Available data:
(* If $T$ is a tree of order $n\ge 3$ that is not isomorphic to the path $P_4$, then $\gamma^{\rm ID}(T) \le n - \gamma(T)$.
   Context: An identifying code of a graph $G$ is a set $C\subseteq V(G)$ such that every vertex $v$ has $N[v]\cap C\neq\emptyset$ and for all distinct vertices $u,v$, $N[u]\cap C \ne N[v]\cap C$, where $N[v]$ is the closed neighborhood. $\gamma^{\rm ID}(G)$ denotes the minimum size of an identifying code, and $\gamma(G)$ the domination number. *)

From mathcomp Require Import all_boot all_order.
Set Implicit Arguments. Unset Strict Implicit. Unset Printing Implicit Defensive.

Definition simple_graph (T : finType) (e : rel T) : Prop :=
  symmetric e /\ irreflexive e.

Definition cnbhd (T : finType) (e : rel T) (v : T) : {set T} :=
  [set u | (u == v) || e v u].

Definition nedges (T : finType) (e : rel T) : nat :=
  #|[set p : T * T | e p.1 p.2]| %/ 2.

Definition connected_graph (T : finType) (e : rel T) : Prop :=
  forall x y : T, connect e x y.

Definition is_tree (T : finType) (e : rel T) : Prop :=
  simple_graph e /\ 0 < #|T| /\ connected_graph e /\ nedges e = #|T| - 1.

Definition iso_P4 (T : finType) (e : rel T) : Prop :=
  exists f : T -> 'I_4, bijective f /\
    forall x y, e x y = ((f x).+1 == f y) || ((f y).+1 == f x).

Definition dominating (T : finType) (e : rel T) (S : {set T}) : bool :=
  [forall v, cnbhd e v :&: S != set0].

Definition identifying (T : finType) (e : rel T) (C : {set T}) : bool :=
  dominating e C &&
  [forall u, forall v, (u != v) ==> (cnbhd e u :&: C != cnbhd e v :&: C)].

--

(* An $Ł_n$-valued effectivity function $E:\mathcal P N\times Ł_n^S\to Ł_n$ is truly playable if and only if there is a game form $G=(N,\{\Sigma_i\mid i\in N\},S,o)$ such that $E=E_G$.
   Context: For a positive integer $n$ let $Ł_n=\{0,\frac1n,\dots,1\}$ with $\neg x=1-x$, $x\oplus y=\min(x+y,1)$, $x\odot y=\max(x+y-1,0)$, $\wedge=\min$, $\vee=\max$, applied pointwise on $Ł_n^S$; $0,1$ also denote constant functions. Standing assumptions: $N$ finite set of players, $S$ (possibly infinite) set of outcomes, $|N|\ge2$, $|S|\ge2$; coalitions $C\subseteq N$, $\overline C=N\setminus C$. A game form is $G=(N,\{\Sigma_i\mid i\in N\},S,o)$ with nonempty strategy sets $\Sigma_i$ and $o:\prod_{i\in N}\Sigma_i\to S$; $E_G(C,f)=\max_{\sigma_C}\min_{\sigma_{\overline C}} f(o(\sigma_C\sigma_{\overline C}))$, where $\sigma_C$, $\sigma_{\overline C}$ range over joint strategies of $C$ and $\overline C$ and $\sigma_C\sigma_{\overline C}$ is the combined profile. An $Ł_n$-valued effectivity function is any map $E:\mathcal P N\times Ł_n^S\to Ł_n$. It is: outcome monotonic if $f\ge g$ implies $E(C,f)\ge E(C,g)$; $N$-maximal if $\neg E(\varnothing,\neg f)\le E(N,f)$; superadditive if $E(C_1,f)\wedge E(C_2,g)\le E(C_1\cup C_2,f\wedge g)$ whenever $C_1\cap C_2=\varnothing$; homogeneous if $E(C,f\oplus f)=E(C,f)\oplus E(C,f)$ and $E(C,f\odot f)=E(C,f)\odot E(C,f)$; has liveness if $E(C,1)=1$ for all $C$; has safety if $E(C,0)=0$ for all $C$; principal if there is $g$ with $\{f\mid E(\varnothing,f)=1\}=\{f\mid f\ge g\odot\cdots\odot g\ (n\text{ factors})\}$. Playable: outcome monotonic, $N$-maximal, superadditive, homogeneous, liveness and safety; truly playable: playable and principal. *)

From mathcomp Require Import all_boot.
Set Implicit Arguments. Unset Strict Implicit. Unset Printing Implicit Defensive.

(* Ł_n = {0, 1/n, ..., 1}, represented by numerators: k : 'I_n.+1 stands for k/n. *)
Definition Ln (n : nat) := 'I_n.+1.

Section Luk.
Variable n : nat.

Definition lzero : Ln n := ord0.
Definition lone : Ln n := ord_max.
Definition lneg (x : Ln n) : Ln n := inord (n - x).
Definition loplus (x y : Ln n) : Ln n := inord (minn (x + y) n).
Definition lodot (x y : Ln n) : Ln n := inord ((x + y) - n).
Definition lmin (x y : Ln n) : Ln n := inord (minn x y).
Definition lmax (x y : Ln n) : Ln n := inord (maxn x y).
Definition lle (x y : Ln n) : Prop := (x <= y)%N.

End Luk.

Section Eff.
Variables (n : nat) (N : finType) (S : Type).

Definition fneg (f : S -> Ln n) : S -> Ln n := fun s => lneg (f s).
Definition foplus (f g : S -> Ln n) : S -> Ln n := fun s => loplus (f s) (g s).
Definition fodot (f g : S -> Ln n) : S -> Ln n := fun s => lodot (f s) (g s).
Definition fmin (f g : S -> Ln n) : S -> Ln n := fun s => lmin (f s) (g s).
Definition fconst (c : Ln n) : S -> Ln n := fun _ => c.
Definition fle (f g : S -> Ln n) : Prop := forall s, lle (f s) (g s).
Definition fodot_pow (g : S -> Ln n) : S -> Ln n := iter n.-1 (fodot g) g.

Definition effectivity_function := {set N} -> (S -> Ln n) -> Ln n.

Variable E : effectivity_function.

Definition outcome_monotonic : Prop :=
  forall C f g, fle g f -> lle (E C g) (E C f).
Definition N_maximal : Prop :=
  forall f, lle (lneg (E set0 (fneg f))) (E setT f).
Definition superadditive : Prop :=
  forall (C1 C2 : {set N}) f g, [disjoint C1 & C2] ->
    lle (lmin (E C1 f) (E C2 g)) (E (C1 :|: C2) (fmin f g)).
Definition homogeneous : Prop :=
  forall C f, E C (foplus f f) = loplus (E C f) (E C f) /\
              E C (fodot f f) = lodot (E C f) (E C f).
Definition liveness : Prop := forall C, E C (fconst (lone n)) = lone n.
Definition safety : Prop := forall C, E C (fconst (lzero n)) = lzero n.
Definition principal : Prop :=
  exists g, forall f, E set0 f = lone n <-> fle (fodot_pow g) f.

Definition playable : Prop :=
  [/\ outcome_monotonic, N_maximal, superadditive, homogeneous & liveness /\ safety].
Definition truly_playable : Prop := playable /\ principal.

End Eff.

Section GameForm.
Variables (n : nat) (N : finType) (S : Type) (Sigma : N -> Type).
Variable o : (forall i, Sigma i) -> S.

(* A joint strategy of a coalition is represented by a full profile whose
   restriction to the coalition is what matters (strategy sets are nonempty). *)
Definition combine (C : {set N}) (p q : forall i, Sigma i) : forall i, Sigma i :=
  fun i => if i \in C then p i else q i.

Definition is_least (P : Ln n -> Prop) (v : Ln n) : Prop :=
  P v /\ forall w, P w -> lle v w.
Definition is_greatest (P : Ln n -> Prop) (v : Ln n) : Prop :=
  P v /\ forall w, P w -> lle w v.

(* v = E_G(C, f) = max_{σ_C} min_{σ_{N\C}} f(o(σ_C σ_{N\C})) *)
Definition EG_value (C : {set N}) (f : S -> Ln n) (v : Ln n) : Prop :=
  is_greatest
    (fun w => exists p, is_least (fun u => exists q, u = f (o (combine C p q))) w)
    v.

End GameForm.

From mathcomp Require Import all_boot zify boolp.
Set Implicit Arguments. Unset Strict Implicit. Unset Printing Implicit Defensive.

Work task: Write down, word for word, the lines above from the one containing "P v /\ forall w, P w -> lle v w." through the one containing "End GameForm.", both ends included.

Task result:
  P v /\ forall w, P w -> lle v w.
Definition is_greatest (P : Ln n -> Prop) (v : Ln n) : Prop :=
  P v /\ forall w, P w -> lle w v.

(* v = E_G(C, f) = max_{σ_C} min_{σ_{N\C}} f(o(σ_C σ_{N\C})) *)
Definition EG_value (C : {set N}) (f : S -> Ln n) (v : Ln n) : Prop :=
  is_greatest
    (fun w => exists p, is_least (fun u => exists q, u = f (o (combine C p q))) w)
    v.

End GameForm.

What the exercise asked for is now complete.